Поэтому Травничек и сознавал, что соседство не случайно: он приставлен как часовой, должен нести сторожевую службу. В других местах — сторожить другим. А ему дан этот удел, эта дверь.
Он все сделает верно, Господи.
Травничек понимал, что его мало кто воспринимает всерьез. Отчасти он был рад маске, наложенной на его облик. Уродливый намордник помогал скрыть внутреннюю трагедию. Но теперь пастор предчувствовал, что силы судьбы пришли в движение и ему придется обнажить свое настоящее лицо.
Его послали — или сослали — в здешние края десятилетия назад. С самого начала, еще до встречи с человеком-на-холме, он не искал смысла: почему именно сюда? Он знал, что отечески наказан бесхитростной простотой обыденности.
«Знаю твои дела; ты ни холоден, ни горяч; о, если бы ты был холоден или горяч!
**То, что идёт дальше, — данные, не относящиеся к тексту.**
(* Let $C,D$ be sets and let $m$ be a $(C\mathcal y,D\mathcal y)$-bicomodule. Then (1) $m$ is a left adjoint in $\mathbb C\mathbf{at}^\sharp$ if and only if $m$ is linear, i.e. $m\cong M\mathcal y$ for a set $M$; (2) $m$ is a right adjoint in $\mathbb C\mathbf{at}^\sharp$ if and only if $m$ is conjunctive, i.e. $m_a(1)\cong1$ for each $a\in C$. Moreover, the right adjoint of a linear bicomodule corresponding to the span $D\xleftarrow{f}M\xrightarrow{h}C$ is the conjunctive $(D\mathcal y,C\mathcal y)$-bicomodule $\sum_{b\in D}\mathcal y^{f^{-1}(b)}$ (corresponding to $\Pi_f\Delta_h$), and the left adjoint of a conjunctive bicomodule $\sum_{a\in C}\mathcal y^{m[a]}$ (each $m[a]$ a set over $D$) is the linear $(D\mathcal y,C\mathcal y)$-bicomodule $\sum_{b\in D}\sum_{a\in C}\sum_{x\in m[a]_b}\mathcal y$.
   Context: $\mathbb C\mathbf{at}^\sharp$: the bicategory whose objects are comonoids in $(\mathbf{Poly},\mathcal y,\triangleleft)$ (small categories), 1-cells $(c,d)$-bicomodules (polynomials $m$ with compatible coassociative counital coactions $m\to c\triangleleft m$, $m\to m\triangleleft d$), 2-cells bicomodule maps, composition $\triangleleft_d$ (equalizer of $m\triangleleft n\rightrightarrows m\triangleleft d\triangleleft n$), and identity on $c$ the bicomodule $c$. Adjunctions are internal to this bicategory. $C\mathcal y$ is the discrete category on the set $C$. For a $(c,d)$-bicomodule $m$ and $a\in c(1)$, $m_a$ is the summand of $m$ over $a$ under $m\to c\triangleleft m\to c(1)$. A $(C\mathcal y,D\mathcal y)$-bicomodule with linear carrier $M\mathcal y$ is the same as a span $C\leftarrow M\to D$; for a conjunctive one, $m[a]$ is a set equipped with a map to $D$, and $m[a]_b$ its fiber over $b$. *)

(* A (C y, D y)-bicomodule is a polynomial m = Sum_{i in m(1)} y^{m[i]}
   together with coactions m -> Cy <| m and m -> m <| Dy.  By counitality,
   such coactions amount exactly to a labelling of positions by C (left
   coaction) and of directions by D (right coaction); coassociativity is then
   automatic. *)



Record bicomod (C D : Type) := Bicomod {
  pos  : Type;
  dir  : pos -> Type;
  lab  : pos -> C;
  dlab : forall i, dir i -> D
}.
Arguments pos {C D} b : rename.
Arguments dir {C D} b _ : rename.
Arguments lab {C D} b _ : rename.
Arguments dlab {C D} b {i} _ : rename.

Record hom {C D} (m n : bicomod C D) := Hom {
  hpos  : pos m -> pos n;
  hdir  : forall i, dir n (hpos i) -> dir m i;
  hlab  : forall i, lab n (hpos i) = lab m i;
  hdlab : forall i e, dlab m (hdir i e) = dlab n e
}.
Arguments hpos {C D m n} _ _.
Arguments hdir {C D m n} _ {i} _.
Arguments hlab {C D m n} _ _.
Arguments hdlab {C D m n} _ _ _.

Definition hom_eq {C D} {m n : bicomod C D} (phi psi : hom m n) : Prop :=
  exists e : forall i, hpos phi i = hpos psi i,
    forall i (d : dir n (hpos phi i)),
      hdir phi d = hdir psi (eq_rect _ (dir n) d _ (e i)).

Definition idh {C D} (m : bicomod C D) : hom m m :=
  @Hom _ _ m m (fun i => i) (fun i e => e) (fun i => eq_refl) (fun i e => eq_refl).

Definition vcomp {C D} {m n p : bicomod C D} (phi : hom m n) (psi : hom n p)
  : hom m p :=
  @Hom _ _ m p (fun i => hpos psi (hpos phi i))
    (fun i e => hdir phi (hdir psi e))
    (fun i => eq_trans (hlab psi (hpos phi i)) (hlab phi i))
    (fun i e => eq_trans (hdlab phi i (hdir psi e)) (hdlab psi (hpos phi i) e)).

Definition idb (C : Type) : bicomod C C :=
  @Bicomod C C C (fun _ => unit) (fun c => c) (fun c _ => c).

(* composition  m <|_{Dy} n  (equalizer of m<|n => m<|Dy<|n) *)
Definition comp {C D E} (m : bicomod C D) (n : bicomod D E) : bicomod C E :=
  @Bicomod C E
    {i : pos m & {g : forall a : dir m i, pos n | forall a, lab n (g a) = dlab m a}}
    (fun ig => {a : dir m (projT1 ig) & dir n (proj1_sig (projT2 ig) a)})
    (fun ig => lab m (projT1 ig))
    (fun ig ab => dlab n (projT2 ab)).

Definition mkcpos {C D E} (m : bicomod C D) (n : bicomod D E) (i : pos m)
  (g : forall a : dir m i, pos n) (H : forall a, lab n (g a) = dlab m a)
  : pos (comp m n) :=
  existT (fun i => {g : forall a : dir m i, pos n | forall a, lab n (g a) = dlab m a})
    i (exist (fun g : forall a : dir m i, pos n => forall a, lab n (g a) = dlab m a) g H).

Definition whiskR {C D E} {m m' : bicomod C D} (phi : hom m m') (n : bicomod D E)
  : hom (comp m n) (comp m' n).
Proof.
  refine (@Hom _ _ (comp m n) (comp m' n)
    (fun ig => mkcpos m' n (hpos phi (projT1 ig))
       (fun a' => proj1_sig (projT2 ig) (hdir phi a'))
       (fun a' => eq_trans (proj2_sig (projT2 ig) _) (hdlab phi _ a')))
    (fun ig ab => existT _ (hdir phi (projT1 ab)) (projT2 ab))
    (fun ig => hlab phi (projT1 ig))
    (fun ig ab => eq_refl)).
Defined.

Definition whiskL {C D E} (m : bicomod C D) {n n' : bicomod D E} (psi : hom n n')
  : hom (comp m n) (comp m n').
Proof.
  refine (@Hom _ _ (comp m n) (comp m n')
    (fun ig => mkcpos m n' (projT1 ig)
       (fun a => hpos psi (proj1_sig (projT2 ig) a))
       (fun a => eq_trans (hlab psi _) (proj2_sig (projT2 ig) a)))
    (fun ig ab => existT _ (projT1 ab) (hdir psi (projT2 ab)))
    (fun ig => eq_refl)
    (fun ig ab => hdlab psi _ (projT2 ab))).
Defined.

Definition assoc {C D E F} (m : bicomod C D) (n : bicomod D E) (p : bicomod E F)
  : hom (comp (comp m n) p) (comp m (comp n p)).
Proof.
  refine (@Hom _ _ (comp (comp m n) p) (comp m (comp n p))
    (fun x => mkcpos m (comp n p) (projT1 (projT1 x))
       (fun a => mkcpos n p (proj1_sig (projT2 (projT1 x)) a)
                 (fun b => proj1_sig (projT2 x) (existT _ a b))
                 (fun b => proj2_sig (projT2 x) (existT _ a b)))
       (fun a => proj2_sig (projT2 (projT1 x)) a))
    (fun x abc => existT _ (existT _ (projT1 abc) (projT1 (projT2 abc)))
                           (projT2 (projT2 abc)))
    (fun x => eq_refl)
    (fun x abc => eq_refl)).
Defined.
Но, как ты тепл, а не горяч и не холоден, то извергну тебя из уст Моих», — Травничек повторял знакомые и одновременно незнакомые слова Откровения, всякий раз звучащие неувядающей новизной к нему обращенной правды.
Но была в его прошлом и другая правда.
Сказано же у апостола: «Уверовавших же будут сопровождать сии знамения; именем Моим будут изгонять бесов; будут говорить новыми языками; будут брать змей; и если что смертоносное выпьют, не повредит им». И эти слова Травничек не просто знал наизусть, а изведал духом и плотью, наново переживал, повторяя.
Слова о чуде.
С мыслью о чуде он когда-то юношей пришел в церковь. И лишь много позже понял, что на самом деле боялся чудес. Боялся Бога, боялся истин откровения, предпочитая Бога священных книг, Бога церквей, скульптур, Бога святых, — истинного, но опосредованного, истолкованного, разъятого, объясненного. Его вера была верой культуры, артефактов, традиции.
Остро чувствующий зло, умеющий его распознать, он и сбежал в Церковь от зла, думая найти спасение в праведности. Но ритуальная, буквальная праведность стала для него чем-то вроде страховки, гарантии, что Бог отметит ее и поймет, простит его слабость, его боязнь, охранит от столкновения со злом лицом к лицу.
Как же давно это было!
Он помнил те первые послевоенные годы. Краткие годы смятения и надежды, когда еще казалось, что новые светские власти ограничат Церковь, но не будут пытаться подмять ее целиком. Разговоры о точках сближения. Об отказе от открытых конфликтов. О гуманистических аналогиях с коммунизмом.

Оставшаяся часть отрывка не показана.